▶ [Assignment] Considering every line below, count those with the word "Harg" and give only the result.

Stored data
---
Lemma phase_term_opp_nat (x : R) (n k : nat) :
  phase_term x (- INR n) (n + k) = phase_term x (INR n) k.
Proof.
  unfold phase_term, term_mod, term_arg; rewrite plus_INR.
  replace (- INR n + (INR n + INR k) + 1) with (INR k + 1) by ring.
  replace (INR n + INR k + 1) with (INR (n + k) + 1) by (rewrite plus_INR; ring).
  replace (- INR n + 2 * (INR n + INR k)) with (INR n + 2 * INR k) by ring.
  rewrite !rgamma_nat_succ.
  assert (INR (Factorial.fact k) <> 0) by apply INR_fact_neq_0.
  assert (INR (Factorial.fact (n + k)) <> 0) by apply INR_fact_neq_0.
  field; auto.
Qed.

Lemma phase_term_opp_nat_head (x : R) (n k : nat) : (k < n)%nat -> phase_term x (- INR n) k = 0.
Proof.
  intros Hk; unfold phase_term, term_mod.
  replace (- INR n + INR k + 1) with (- INR (n - S k))
    by (rewrite minus_INR by lia; rewrite S_INR; ring).
  rewrite rgamma_neg_nat; unfold Rdiv; ring.
Qed.

(* [I_(-n) = I_n]: the first [n] terms of order [-n] vanish, as [1/Gamma] does at the
   nonpositive integers, and the others are those of order [n]. *)
Lemma phase_series_opp_nat (x : R) (n : nat) : phase_series x (- INR n) = phase_series x (INR n).
Proof.
  destruct n as [|n]; [simpl; rewrite Ropp_0; reflexivity |].
  unfold phase_series; rewrite (Series_incr_n _ (S n)) by (auto using ex_series_phase_term; lia).
  rewrite sum_eq_R0, Rplus_0_l by (intros k Hk; apply phase_term_opp_nat_head; simpl in Hk; lia).
  apply Series_ext; intros k; apply phase_term_opp_nat.
Qed.

End PhaseSeries.

Lemma eI_eq (t : R) : eI t = (cos t, sin t).
Proof. unfold eI, cexp; simpl; rewrite exp_0, !Rmult_1_l; reflexivity. Qed.

Lemma Cmult_eI (t : R) (z : CC) :
  Cmult (eI t) z = (cos t * Re z - sin t * Im z, sin t * Re z + cos t * Im z).
Proof. rewrite eI_eq; destruct z; unfold Cmult, Re, Im; simpl; f_equal; ring. Qed.

Lemma half_eI_scale (t x : R) :
  Cdiv (Cmult (eI t) (RtoC x)) (RtoC 2) = (x / 2 * cos t, x / 2 * sin t).
Proof. rewrite eI_eq; unfold Cdiv, Cmult, Cinv, RtoC; simpl; f_equal; field. Qed.

Lemma cpow_polar (r t e : R) : 0 < r -> - (PI / 2) < t < PI / 2 ->
  cpow (r * cos t, r * sin t) e = (exp (e * ln r) * cos (e * t), exp (e * ln r) * sin (e * t)).
Proof.
  intros Hr Ht; assert (Hc := cos_gt_0 t (proj1 Ht) (proj2 Ht)).
  assert (Hmod : Cmod (r * cos t, r * sin t) = r).
  { unfold Cmod; cbn [fst snd].
    replace ((r * cos t) ^ 2 + (r * sin t) ^ 2) with (r ^ 2 * (Rsqr (sin t) + Rsqr (cos t)))
      by (unfold Rsqr; ring).
    rewrite sin2_cos2, Rmult_1_r; apply sqrt_pow2; lra. }
  assert (Harg : carg (r * cos t, r * sin t) = t).
  { unfold carg; simpl; destruct (Rlt_dec 0 (r * cos t)) as [_ | H]; [| exfalso; nra].
    replace (r * sin t / (r * cos t)) with (tan t) by (unfold tan; field; lra).
    apply atan_tan; lra. }
  unfold cpow, clog; rewrite Hmod, Harg; unfold cexp, Cmult, RtoC; simpl.
  replace (e * ln r - 0 * t) with (e * ln r) by ring.
  replace (e * t + 0 * ln r) with (e * t) by ring.
  reflexivity.
Qed.

Lemma cpow_half_eI (t x e : R) : 0 < x -> - (PI / 2) < t < PI / 2 ->
  cpow (Cdiv (Cmult (eI t) (RtoC x)) (RtoC 2)) e =
  (exp (e * ln (x / 2)) * cos (e * t), exp (e * ln (x / 2)) * sin (e * t)).
Proof. intros Hx Ht; rewrite half_eI_scale; apply cpow_polar; auto; lra. Qed.

Lemma cos_sub_nat_PI (k : nat) (y : R) : cos (y - INR k * PI) = (-1) ^ k * cos y.
Proof.
  induction k as [|k IH]; [simpl; rewrite Rmult_0_l, Rminus_0_r; ring |].
  rewrite S_INR; replace (y - (INR k + 1) * PI) with ((y - INR k * PI) - PI) by ring.
  rewrite cos_minus, cos_PI, sin_PI, IH; simpl; ring.
Qed.

Lemma sin_sub_nat_PI (k : nat) (y : R) : sin (y - INR k * PI) = (-1) ^ k * sin y.
Proof.
  induction k as [|k IH]; [simpl; rewrite Rmult_0_l, Rminus_0_r; ring |].
  rewrite S_INR; replace (y - (INR k + 1) * PI) with ((y - INR k * PI) - PI) by ring.
  rewrite sin_minus, cos_PI, sin_PI, IH; simpl; ring.
Qed.

Lemma Series_lincomb (a b : nat -> R) (p q : R) : ex_series a -> ex_series b ->
  Series (fun k => p * a k + q * b k) = p * Series a + q * Series b.
Proof.
  intros Ha Hb; rewrite Series_plus, !Series_scal_l; auto;
    apply (@ex_series_scal_l R_AbsRing R_NormedModule); auto.
Qed.

Definition w1 (x : R) : CC := Cmult (eI (PI / 4)) (RtoC x).
Definition w2 (x : R) : CC := Cmult (eI (- (PI / 4))) (RtoC x).

Definition Ire (x mu : R) : R := phase_series cos x mu.
Definition Iim (x mu : R) : R := phase_series sin x mu.

Lemma cos_bound (y : R) : Rabs (cos y) <= 1.
Proof. apply Rabs_le; pose proof (COS_bound y); lra. Qed.
Lemma sin_bound (y : R) : Rabs (sin y) <= 1.
Proof. apply Rabs_le; pose proof (SIN_bound y); lra. Qed.
Lemma opp_sin_bound (y : R) : Rabs (- sin y) <= 1.
Proof. rewrite Rabs_Ropp; apply sin_bound. Qed.
Lemma is_derive_cos (y : R) : is_derive cos y (- sin y).
Proof. auto_derive; auto; ring. Qed.
Lemma is_derive_sin (y : R) : is_derive sin y (cos y).
Proof. auto_derive; auto; ring. Qed.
---
▶ [Answer below] 2